Jim: I can definitely see the James Bond influence here. However, with the chess board floor and cave tunnels, what the episode really reminds me of is the Basil Rathbone Sherlock  Holmes movie The House of Fear.



Speaking of chessboards, I liked the James West chess piece at the beginning of the episode, though it seemed a little worse for wear!

Trey: Yeah, for all the Brain's meticulousness (shooting a henchman for losing a button), his James West doll looked like he let some toddler's play with it.

Jim: The stream powered wheelchair strikes me as the sort element that gets this show associated with steampunk so often. (Though, after watching so many episodes, I don't think that association is as strong as people think.)

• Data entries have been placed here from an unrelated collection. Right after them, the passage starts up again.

Lemma cube_morphism_dependency k n (chi : cube k.+1 -> cube n) : cube_morphism chi ->
  exists dep : 'I_n -> 'I_k.+1,
    forall x r p, p != dep r -> chi (flip p x) r = chi x r.
Proof.
move=> [c [M HM]].
exists (fun r => odflt ord0 [pick l | M r l != 0]) => x r p.
have M_dep : p != odflt ord0 [pick l | M r l != 0] -> M r p = 0.
  case: pickP => [d /= Md pd|/(_ p) /negbFE /eqP //].
  by case: (bool_affine_support (HM^~ r) pd) => // Md0; rewrite Md0 eqxx in Md.
move=> /M_dep Mp.
have : ((chi (flip p x) r : nat) : int) = ((chi x r : nat) : int).
  rewrite !HM; congr (_ + _); apply: eq_bigr => l _.
  by rewrite ffunE; case: eqP => [->|//]; rewrite Mp !mul0r.
by case: (chi (flip p x) r); case: (chi x r).
Qed.

Lemma cube_morphism_id n : cube_morphism (fun x : cube n => x).
Proof.
exists (fun _ => 0), (fun r l => (((r == l) : nat) : int)) => x r.
rewrite add0r (bigD1 r) //= eqxx mul1r big1 ?addr0 // => l /negPf rl.
by rewrite eq_sym rl mul0r.
Qed.

(* A monomial of degree at most [k] in the coordinates of [chi x] is invariant under
   flipping some input coordinate on which none of its variables depends. *)
Lemma signed_sum_morphism_monomial (A : zmodType) k n (chi : cube k.+1 -> cube n)
    (S : {set 'I_n}) (a : A) :
  cube_morphism chi -> (#|S| <= k)%N ->
  signed_sum (fun x => a *+ [forall r in S, chi x r]) = 0.
Proof.
move=> /cube_morphism_dependency [dep Hdep] cardS.
have : (0 < #|~: (dep @: S)|)%N.
  have := cardsC (dep @: S); rewrite card_ord => /(congr1 (subn^~ #|dep @: S|)).
  rewrite addKn => ->; rewrite subn_gt0.
  by rewrite ltnS (leq_trans (leq_imset_card dep S)).
rewrite card_gt0 => /set0Pn [p]; rewrite inE => p_notin_dep.
apply: (@signed_sum_flip_invariant _ _ p) => x; congr (_ *+ nat_of_bool _).
apply: eq_forallb_in => r rS; rewrite Hdep //.
by apply: contra p_notin_dep => /eqP ->; apply: imset_f.
Qed.

Lemma Dk_cube_monomial_sum (A : zmodType) k n L (b0 : A) (b : 'I_L -> A)
    (S : 'I_L -> {set 'I_n}) :
  (forall l, #|S l| <= k)%N ->
  Dk_cube k (fun y => b0 + \sum_(l < L) b l *+ [forall r in S l, y r]).
Proof.
move=> cardS chi Hchi; rewrite alt_sumE /comp signed_sumD signed_sum_const add0r.
rewrite signed_sum_sum; apply: big1 => l _.
exact: signed_sum_morphism_monomial.
Qed.

Definition affine_cube (A : zmodType) n (b0 : A) (b : 'I_n -> A) (v : cube n) : A :=
  b0 + \sum_(l < n) b l *+ v l.

Lemma D1_cube_add_coord (A : zmodType) n (f : cube n -> A) : Dk_cube 1 f ->
  forall (x : cube n) (t : 'I_n), x t = false ->
  f [ffun r => (r == t) || x r] = f x + f (cube_of [set t]) - f (cube_of set0).
Proof.
move=> Hf x t xt.
pose psi (v : cube 2) : cube n := [ffun r => (v ord0 && (r == t)) || (v ord_max && x r)].
have psi_morph : cube_morphism psi.
  exists (fun _ => 0),
         (fun r l => if l == ord0 then (((r == t) : nat) : int) else ((x r : nat) : int)).
  move=> v r; rewrite big_ord_recl big_ord1 eqxx /= add0r ffunE.
  have -> : lift ord0 ord0 = ord_max :> 'I_2 by apply: val_inj.
  case: eqP => [->|_]; rewrite ?xt;
    by case: (v ord0); case: (v ord_max); rewrite //= ?mulr0 ?mulr1 ?addr0 ?add0r.
have psiE a b : psi (cube2 a b) = [ffun r => (a && (r == t)) || (b && x r)].
  by apply/ffunP => r; rewrite !ffunE.
have := Hf psi psi_morph; rewrite alt_sumE signed_sum_cube2 /comp !psiE.
have -> : [ffun r => (true && (r == t)) || false && x r] = cube_of [set t].
  by apply/ffunP => r; rewrite !ffunE in_set1 orbF.
have -> : [ffun r => (false && (r == t)) || true && x r] = x.
  by apply/ffunP => r; rewrite !ffunE.
have -> : [ffun r => (false && (r == t)) || false && x r] = cube_of set0.
  by apply/ffunP => r; rewrite !ffunE in_set0.
rewrite /= => H; apply/eqP; rewrite -subr_eq0 -H.
rewrite opprB opprD !addrA addrAC [_ + f (cube_of set0) - _]addrAC.
by rewrite [X in X == _]addrAC.
Qed.
Lemma cool_m_lt_pow n t C : (cool_m n t C).+1 <= 2 ^ (C + trunc_log 2 t + 5).
Proof.
have t_lt := trunc_log_ltn t (isT : 1 < 2).
have C_lt := ltn_expl (C + 4) (isT : 1 < 2).
apply: leq_trans (_ : (C + 4) * t.+1 <= _); first by have := cool_m_le n t C; lia.
rewrite (_ : C + _ + 5 = (C + 4) + (trunc_log 2 t).+1); last by lia.
by rewrite expnD leq_mul // ltnW.
Qed.

Lemma succ_mul_succ_log_le t l : 1 <= l ->
  t.+1 * (trunc_log 2 t).+1 <= 4 * (l + t * trunc_log 2 t).
Proof.
move=> l_gt0; case: (leqP t 1) => [t_le1 | t_gt1].
  have /eqP -> : trunc_log 2 t == 0 by rewrite trunc_log_eq0; lia.
  lia.
have : 0 < trunc_log 2 t by rewrite trunc_log_gt0.
move: (trunc_log 2 t) => tl tl_gt0; nia.
Qed.

(* From cool_m <= (C + 3) t.+1 and c.+1 <= l / k + (27 + 5 C) (log t).+1. *)
Definition cost_const (C : nat) : nat := (C + 3) * (113 + 20 * C).

Lemma cool_cost_le n t l C : 1 <= l ->
  cool_m n t C * (cool_c n t l C).+1 <= cost_const C * (l + t * trunc_log 2 t).
Proof.
move=> l_gt0; set tl := trunc_log 2 t; set k := kpar t.
have c_le := cval_le t l (cool_m_lt_pow n t C); rewrite -/(cool_c n t l C) -/tl -/k in c_le.
have m_le := cool_m_le n t C.
have div_le : t.+1 * (l %/ k) <= 5 * l.
  apply: leq_trans (leq_mul (kpar_gt t) (leqnn _)) _.
  by rewrite -mulnA leq_mul2l mulnC leq_divM orbT.
have log_le := succ_mul_succ_log_le t l_gt0; rewrite -/tl in log_le.
have c_succ_le : (cool_c n t l C).+1 <= l %/ k + (27 + 5 * C) * tl.+1 by nia.
apply: leq_trans (leq_mul m_le c_succ_le) _; rewrite /cost_const; nia.
Qed.

Lemma sum_le_card_mul (T : finType) (p : pred T) (f : T -> nat) b :
  (forall i, f i <= b) -> \sum_(i | p i) f i <= #|T| * b.
Proof.
move=> f_le; apply: (@leq_trans (\sum_(i | p i) b)); first exact: leq_sum.
by rewrite sum_nat_const leq_mul2r max_card orbT.
Qed.

Lemma core_bits_le {F : finFieldType} {k l t} {P : finType} {num alpha enc} {B : {set P}}
  {w0 A d c bab} :
  core_bits F k l t P num alpha enc B w0 A d c bab <= #|P| * (#|P| * (3 * c.+1)) + bab.
Proof.
rewrite leq_add2r; apply: sum_le_card_mul => i.
have := max_card [set j | ~~ rec3 F k l t P num alpha enc B w0 A i j & j != i].
by case: (_ && _); case: (_ && _); case: (d && _); nia.
Qed.

Lemma card_Qt n t : 3 * t + 1 <= n -> #|Qt n t| = 3 * t + 1.
Proof.
move=> n_ge; have widen_inj : injective (widen_ord n_ge) by move=> i j [] /val_inj.
rewrite card_sig -[RHS](card_ord (3 * t + 1)) -(card_imset _ widen_inj).
apply: eq_card => i; rewrite !inE; apply/idP/imsetP => [i_lt | [j _ ->]]; last exact: (ltn_ord j).
by exists (Ordinal i_lt); last apply: val_inj.
Qed.

Lemma card_BQ n t (B : {set 'I_n}) : #|BQ n t B| <= #|B|.
Proof.
rewrite -(card_imset _ val_inj); apply/subset_leq_card/subsetP => i /imsetP [q].
by rewrite inE => q_B ->.
Qed.

Lemma cool_m_le_n n t C : 3 * t + 1 <= n -> cool_m n t C <= n.
Proof. by rewrite /cool_m; case: ifP. Qed.

Lemma cool_bits_le {n t l C L M B F alpha enc adv d baBits} : 3 * t + 1 <= n ->
  cool_bits n t l C L M B F alpha enc adv d baBits
  <= n * l + 4 * (n * (cool_m n t C * (cool_c n t l C).+1)) + baBits (cool_m n t C) t.
Proof.
move=> n_ge; rewrite /cool_bits /cool_m; set c := cool_c n t l C.
have lead_le : (if L \in B then 0 else l * (n - 1)) <= n * l.
  by case: (L \in B) => //; rewrite mulnC leq_mul2r leq_subr orbT.
case: (n <= C * t).
  apply: leq_trans (leq_add lead_le core_bits_le) _.
  rewrite card_ord; nia.
have sum_le : \sum_(q in Qt n t | val q \notin B) (c + 1) * (n - (3 * t + 1))
              <= #|Qt n t| * (c.+1 * n).
  by apply: sum_le_card_mul => q; rewrite addn1 leq_mul2l leq_subr orbT.
rewrite addnA; apply: leq_trans (leq_add (leq_add lead_le core_bits_le) sum_le) _.
rewrite card_Qt //; nia.
Qed.

Lemma cool_bits_bound {n t l C L M B F alpha enc adv d Kb baBits} :
  (forall m t, baBits m t <= Kb * m * t.+1) -> 1 <= l -> 3 * t + 1 <= n ->
  cool_bits n t l C L M B F alpha enc adv d baBits
  <= 2 * (1 + 4 * cost_const C + 4 * Kb) * maxn (n * l) (n * t * trunc_log 2 t).
Proof.
move=> baBits_le l_gt0 n_ge; set W := l + t * trunc_log 2 t.
have cost := cool_cost_le n t C l_gt0; rewrite -/W in cost.
have t_le : t.+1 <= 4 * W.
  by apply: leq_trans (succ_mul_succ_log_le t l_gt0); rewrite leq_pmulr.
have ba_le : baBits (cool_m n t C) t <= Kb * n * (4 * W).
  by apply: leq_trans (baBits_le _ _) _; rewrite leq_mul // leq_mul2l cool_m_le_n ?orbT.
have nW_le : n * W <= 2 * maxn (n * l) (n * t * trunc_log 2 t) by rewrite /W; lia.
apply: leq_trans (cool_bits_le n_ge) _.
apply: leq_trans (_ : _ <= (1 + 4 * cost_const C + 4 * Kb) * (n * W)) _; last first.
  by rewrite [2 * _]mulnC -mulnA leq_mul2l nW_le orbT.
have := leq_mul (leqnn n) cost; nia.
Qed.
(* For every integer $n\ge 0$, \[ \sum_{j=0}^{n} \frac{q^{j}(q;q)_{n+j}}{(q^2;q^2)_j}=(q^2;q^2)_n . \]
   Context: $(a;q)_0:=1$ and $(a;q)_n:=(1-a)(1-aq)\cdots(1-aq^{n-1})$ for $n\ge1$. *)

From mathcomp Require Import all_boot all_order all_algebra.
Set Implicit Arguments. Unset Strict Implicit. Unset Printing Implicit Defensive.
Import GRing.Theory.
Local Open Scope ring_scope.

Definition qpoch (R : nzRingType) (a q : R) (n : nat) : R :=
  \prod_(i < n) (1 - a * q ^+ i).

From mathcomp Require Import all_boot all_order all_algebra.
From mathcomp Require Import ring.
Import GRing.Theory.
Local Open Scope ring_scope.

(** Writing [T n j] for the [j]-th summand, one has
    [T (n+1) j - (1 - q^(2n+2)) T n j = G (j+1) - G j] with
    [G j = - q^(n+1) (q;q)_(n+j) (1 - q^(2j)) / (q^2;q^2)_j], so summing over
    [j <= n] telescopes; the boundary term [G (n+1)] cancels the new summand
    [T (n+1) (n+1)], leaving [S (n+1) = (1 - q^(2n+2)) S n]. *)

Lemma qpochS (R : nzRingType) (a q : R) n :
  qpoch a q n.+1 = qpoch a q n * (1 - a * q ^+ n).
Proof. by rewrite /qpoch big_ord_recr. Qed.

Lemma qpoch_qS (R : nzRingType) (q : R) n :
  qpoch q q n.+1 = qpoch q q n * (1 - q ^+ n.+1).
Proof. by rewrite qpochS -exprS. Qed.

Lemma qpoch_neq0_le (R : nzRingType) (a q : R) m n :
  (m <= n)%N -> qpoch a q n != 0 -> qpoch a q m != 0.
Proof.
move=> /subnK <-; elim: (n - m)%N => [|k IH] //.
rewrite addSn qpochS => hk; apply: IH; move: hk.
by apply: contra => /eqP ->; rewrite mul0r.
Qed.

Section Telescoping.
Variables (F : fieldType) (q : F).

Let P j : F := qpoch (q ^+ 2) (q ^+ 2) j.
Let Q m : F := qpoch q q m.
Let T n j : F := q ^+ j * Q (n + j) / P j.
Let G n j : F := - q ^+ n.+1 * Q (n + j) * (1 - (q ^+ 2) ^+ j) / P j.

Lemma summand_recurrence n j : P j.+1 != 0 ->
  T n.+1 j - (1 - (q ^+ 2) ^+ n.+1) * T n j = G n j.+1 - G n j.
Proof.
rewrite /P qpoch_qS mulf_eq0 negb_or => /andP [hP hj].
rewrite /T /G /Q /P addSn addnS !qpoch_qS.
set p := qpoch _ _ j in hP *; set c := qpoch _ _ (n + j).
(* [field] only understands constant exponents: [q ^+ j] and [q ^+ n] become atoms. *)
move: hj; rewrite -!exprM !mul2n -!addnn !addnS !addSn !exprS !exprD.
set a := q ^+ j; set b := q ^+ n => hj.
by field; rewrite hP hj.
Qed.

Lemma boundary_cancels n : G n n.+1 + T n.+1 n.+1 = 0.
Proof.
rewrite /G /T /Q addSn qpoch_qS -mulrDl -exprM.
have -> : (2 * n.+1 = (n + n.+1).+1)%N by rewrite mul2n -addnn addSn.
by rewrite mulrA !mulNr addNr mul0r.
Qed.

Lemma sum_summands_succ n : P n.+1 != 0 ->
  \sum_(j < n.+2) T n.+1 j = (1 - (q ^+ 2) ^+ n.+1) * \sum_(j < n.+1) T n j.
Proof.
move=> hn.
have telescoped : \sum_(j < n.+1) (T n.+1 j - (1 - (q ^+ 2) ^+ n.+1) * T n j)
    = G n n.+1 - G n 0.
  rewrite -(telescope_sumr (fun j => G n j)) // big_mkord.
  apply: eq_bigr => j _; apply: summand_recurrence.
  exact: qpoch_neq0_le (ltn_ord j) hn.
have G0 : G n 0 = 0 by rewrite /G expr0 subrr mulr0 mul0r.
rewrite big_ord_recr /=.
move/eqP: telescoped; rewrite G0 subr0 sumrB -mulr_sumr subr_eq => /eqP ->.
by rewrite -addrA addrCA boundary_cancels addr0.
Qed.

End Telescoping.

Theorem lemma3p3 (F : fieldType) (q : F) (n : nat)
  (hq : qpoch (q ^+ 2) (q ^+ 2) n != 0) :
  \sum_(j < n.+1) q ^+ j * qpoch q q (n + j) / qpoch (q ^+ 2) (q ^+ 2) j
  = qpoch (q ^+ 2) (q ^+ 2) n.
Proof.
elim: n hq => [|n IH] hn.
  by rewrite big_ord1 /qpoch !big_ord0 expr0 mul1r divr1.
rewrite sum_summands_succ // IH; last exact: qpoch_neq0_le (leqnSn n) hn.
by rewrite qpoch_qS mulrC.
Qed.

Trey: I agree. There are occasional steampunk details, but that's not really its thing.  This episode has a lot going for it, but for some reason it's a bit less than the sum of its parts for me. Maybe it's that so much of the episode is just Braine monologuing to West in a cave set. 

Jim: That underground base is basically a damp cave. It seems out of place, aesthetically, when compared to the gold plated cane and hand made West doll. On the list of things it had going for it, I liked the fake out with Artemus and the double masks.

Trey: That's what tvtropes calls being "out-gambitted!"